**Work to be completed:**
Output consists of the line that contains "is_Kalg mul /\" plus every later line of the material below, each one duplicated exactly.

**Records:**

(* Let $A$ be a finite alphabet with $|A|=k$, and let $L\subseteq A^*$ be $n$-PT. Let $m=f_k(n)$. Then ${\downarrow}L$ and ${\downarrow}_<L$ are $(k+1)(m+1)$-PT.
   Context: For words $u,v$, $u\sqsubseteq v$ (subword) means $u=a_1\cdots a_\ell$ with letters $a_i$ and $v=v_0a_1v_1\cdots a_\ell v_\ell$ for some words $v_i$; $u\sqsubset v$ means $u\sqsubseteq v$ and $u\neq v$. ${\downarrow}L=\{v~|~\exists u\in L: v\sqsubseteq u\}$ and ${\downarrow}_<L=\{v~|~\exists u\in L: v\sqsubset u\}$. For $n\in\mathbb{N}$, $u\sim_n v$ iff $u$ and $v$ have exactly the same subwords of length at most $n$; $L$ is $n$-PT if it is a union of $\sim_n$-classes. The functions $f_k$ ($k\geq1$) are defined by $f_1(n)=n$ and $f_{k+1}(n)=\max_{0\leq m\leq n}\bigl(m f_k(n+1-m)+m+f_k(n-m)\bigr)$. *)

From mathcomp Require Import all_boot.
Set Implicit Arguments. Unset Strict Implicit. Unset Printing Implicit Defensive.

(* Words over alphabet A are [seq A]; the subword relation u ⊑ v is
   mathcomp's [subseq u v] (scattered subsequence). Languages are
   predicates [seq A -> Prop]. *)

Definition strict_subword {A : eqType} (u v : seq A) : Prop :=
  subseq u v /\ u <> v.

Definition downclosure {A : eqType} (L : seq A -> Prop) : seq A -> Prop :=
  fun v => exists u, L u /\ subseq v u.

Definition sdownclosure {A : eqType} (L : seq A -> Prop) : seq A -> Prop :=
  fun v => exists u, L u /\ strict_subword v u.

Definition simon_eq {A : eqType} (n : nat) (u v : seq A) : Prop :=
  forall w : seq A, size w <= n -> (subseq w u <-> subseq w v).

(* L is n-PT: L is a union of ~_n classes, i.e. closed under ~_n *)
Definition nPT {A : eqType} (n : nat) (L : seq A -> Prop) : Prop :=
  forall u v : seq A, simon_eq n u v -> (L u <-> L v).

(* f_1(n) = n,
   f_{k+1}(n) = max_{0<=m<=n} (m f_k(n+1-m) + m + f_k(n-m)).
   [fk k] encodes f_k for k >= 1; the value [fk 0] is an irrelevant
   placeholder (we set f_0 = f_1). *)
Fixpoint fk (k : nat) (n : nat) : nat :=
  match k with
  | 0 => n
  | 1 => n
  | k'.+1 => \max_(m < n.+1) (m * fk k' (n.+1 - m) + m + fk k' (n - m))
  end.

From mathcomp Require Import all_boot zify.
Set Implicit Arguments. Unset Strict Implicit. Unset Printing Implicit Defensive.
(* Let $E$ be a finite directed graph and let $A$ be $KE$ or $L_K(E)$ with its standard filtration $\mathcal{F}$. Let $t(A,\mathcal{F})=(\dim(A),\mathrm{GKdim}(A),\mathrm{h}_{\mathrm{alg}}(A))$. Then exactly one of the following holds: (1) $t(A,\mathcal{F})=(k,0,0)$ for some $k<\infty$; (2) $t(A,\mathcal{F})=(\infty,l,0)$ for some $l<\infty$; (3) $t(A,\mathcal{F})=(\infty,\infty,m)$ for some $m<\infty$.
   Context: A finite directed graph $E=(E^0,E^1,s,r)$ has finitely many vertices and edges, with source and range maps $s,r:E^1\to E^0$. Paths are finite sequences $e_1\cdots e_n$ of edges with $r(e_i)=s(e_{i+1})$; vertices are paths of length $0$. The path algebra $KE$ over a field $K$ has basis all paths with concatenation product (zero when not composable); its standard filtration $V_n$ is the span of paths of length $\le n$. The Leavitt path algebra $L_K(E)$ is the $K$-algebra generated by $E^0\cup E^1\cup\{e^*:e\in E^1\}$ subject to: $vw=\delta_{v,w}v$ for vertices; $s(e)e=e=er(e)$ and $r(e)e^*=e^*=e^*s(e)$; $e^*f=\delta_{e,f}r(e)$ for $e,f\in E^1$; $\sum_{s(e)=v}ee^*=v$ for every vertex $v$ with $0<|s^{-1}(v)|<\infty$. Its standard filtration $W_n$ is the span of elements $\lambda\mu^*$ with $\lambda,\mu$ paths and $l(\lambda)+l(\mu)\le n$. For a filtration $\{V_n\}$ of an algebra $A$, $\mathrm{h}_{\mathrm{alg}}(A)=0$ if $A$ is finite-dimensional and $\limsup_n\frac1n\log\dim(V_n/V_{n-1})$ otherwise. $\mathrm{GKdim}(A)=\limsup_{n}\log\dim(V^n)/\log n$ for a finite-dimensional generating subspace $V$, where $V^n$ is the span of products of at most $n$ elements of $V$. *)

From HB Require Import structures.
From mathcomp Require Import all_boot all_order all_algebra.
From mathcomp Require Import all_classical all_reals all_analysis.

Set Implicit Arguments.
Unset Strict Implicit.
Unset Printing Implicit Defensive.
Import Order.TTheory GRing.Theory Num.Theory.
Local Open Scope ring_scope.

Section LinAlg.
Variables (K : fieldType) (A : lmodType K).

Definition span (S : A -> Prop) : A -> Prop :=
  fun x => exists (n : nat) (c : 'I_n -> K) (a : 'I_n -> A),
      (forall i, S (a i)) /\ x = \sum_(i < n) c i *: a i.

Definition lin_indep (n : nat) (a : 'I_n -> A) : Prop :=
  forall c : 'I_n -> K, \sum_(i < n) c i *: a i = 0 -> forall i, c i = 0.

Definition dim_is (W : A -> Prop) (d : nat) : Prop :=
  exists a : 'I_d -> A, (forall i, W (a i)) /\ lin_indep a /\
     (forall x, W x -> span (fun y => exists i, y = a i) x).

Definition findim (W : A -> Prop) : Prop := exists d, dim_is W d.

(* the dimension of W as a natural number (meaningful when findim W) *)
Definition dimn (W : A -> Prop) : nat :=
  match pselect (findim W) with
  | left H => projT1 (cid H)
  | right _ => 0%N
  end.

End LinAlg.

Definition is_Kalg (K : fieldType) (A : lmodType K) (mul : A -> A -> A) : Prop :=
  (forall x y z, mul x (mul y z) = mul (mul x y) z) /\
  (forall x y z, mul (x + y) z = mul x z + mul y z) /\
  (forall x y z, mul x (y + z) = mul x y + mul x z) /\
  (forall (a : K) x y, mul (a *: x) y = a *: mul x y) /\
  (forall (a : K) x y, mul x (a *: y) = a *: mul x y).

Definition is_alg_hom (K : fieldType) (A B : lmodType K)
   (mulA : A -> A -> A) (mulB : B -> B -> B) (f : A -> B) : Prop :=
  (forall (a : K) x y, f (a *: x + y) = a *: f x + f y) /\
  (forall x y, f (mulA x y) = mulB (f x) (f y)).

Section Invariants.
Variables (R : realType) (K : fieldType) (A : lmodType K) (mul : A -> A -> A).

(* V^n : span of the products of at most n (and at least one) elements of V *)
Definition powsp (V : A -> Prop) (n : nat) : A -> Prop :=
  span (fun y => exists (x : A) (l : seq A), (size l < n)%N /\ V x /\
          (forall z, z \in l -> V z) /\ y = foldl mul x l).

(* GKdim computed with the finite-dimensional generating subspace V *)
Definition GKdim (V : A -> Prop) : \bar R :=
  limn_esup (fun n => ((ln ((dimn (powsp V n))%:R : R)) / ln (n%:R : R))%:E).

(* dim (F n / F (n-1)), with F (-1) = 0 *)
Definition grdim (F : nat -> A -> Prop) (n : nat) : nat :=
  (dimn (F n) - (if n is m.+1 then dimn (F m) else 0))%N.

Definition halg (F : nat -> A -> Prop) : \bar R :=
  if `[< findim (fun _ : A => True) >] then 0%E
  else limn_esup (fun n => if (0 < grdim F n)%N
                           then ((ln ((grdim F n)%:R : R)) / (n%:R : R))%:E
                           else -oo%E).

(* t(A,F) = (dim A, GKdim A, h_alg A); GKdim computed with V = F 1 *)
Definition trichotomy (F : nat -> A -> Prop) : Prop :=
  let full := fun _ : A => True in
  let T1 := exists k : nat, dim_is full k /\ GKdim (F 1%N) = 0%E /\ halg F = 0%E in
  let T2 := ~ findim full /\ (exists l : R, GKdim (F 1%N) = l%:E) /\ halg F = 0%E in
  let T3 := ~ findim full /\ GKdim (F 1%N) = +oo%E /\ (exists m : R, halg F = m%:E) in
  (T1 \/ T2 \/ T3) /\ ~ (T1 /\ T2) /\ ~ (T1 /\ T3) /\ ~ (T2 /\ T3).

End Invariants.

(* A (raw) path is a pair (v, [:: e1; ...; en]) : it is a path when     *)
(* n = 0 (the vertex v) or s e1 = v and r e_i = s e_(i+1).              *)
Section Graphs.
Variables (V Ed : finType) (s r : Ed -> V).

Definition gpath := (V * seq Ed)%type.

Definition is_gpath (p : gpath) : bool :=
  (if p.2 is e :: _ then s e == p.1 else true) &&
  sorted (fun e f => r e == s f) p.2.

Definition glen (p : gpath) : nat := size p.2.
Definition gsrc (p : gpath) : V := p.1.
Definition grng (p : gpath) : V := last p.1 (map r p.2).
Definition gcat (p q : gpath) : gpath := (p.1, p.2 ++ q.2).

Section PathAlg.
Variables (K : fieldType) (A : lmodType K) (mul : A -> A -> A) (b : gpath -> A).

Definition IsPathAlgebra : Prop :=
  is_Kalg mul /\
  (forall (n : nat) (p : 'I_n -> gpath), injective p ->
      (forall i, is_gpath (p i)) -> lin_indep (fun i => b (p i))) /\
  (forall x, span (fun y => exists p, is_gpath p /\ y = b p) x) /\
  (forall p q, is_gpath p -> is_gpath q ->
      mul (b p) (b q) = if grng p == gsrc q then b (gcat p q) else 0).

Definition path_filtration (n : nat) : A -> Prop :=
  span (fun y => exists p, is_gpath p /\ (glen p <= n)%N /\ y = b p).
End PathAlg.

Section Leavitt.
Variables (K : fieldType).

**Answer for the task:**
  is_Kalg mul /\
  (forall (n : nat) (p : 'I_n -> gpath), injective p ->
      (forall i, is_gpath (p i)) -> lin_indep (fun i => b (p i))) /\
  (forall x, span (fun y => exists p, is_gpath p /\ y = b p) x) /\
  (forall p q, is_gpath p -> is_gpath q ->
      mul (b p) (b q) = if grng p == gsrc q then b (gcat p q) else 0).

Definition path_filtration (n : nat) : A -> Prop :=
  span (fun y => exists p, is_gpath p /\ (glen p <= n)%N /\ y = b p).
End PathAlg.

Section Leavitt.
Variables (K : fieldType).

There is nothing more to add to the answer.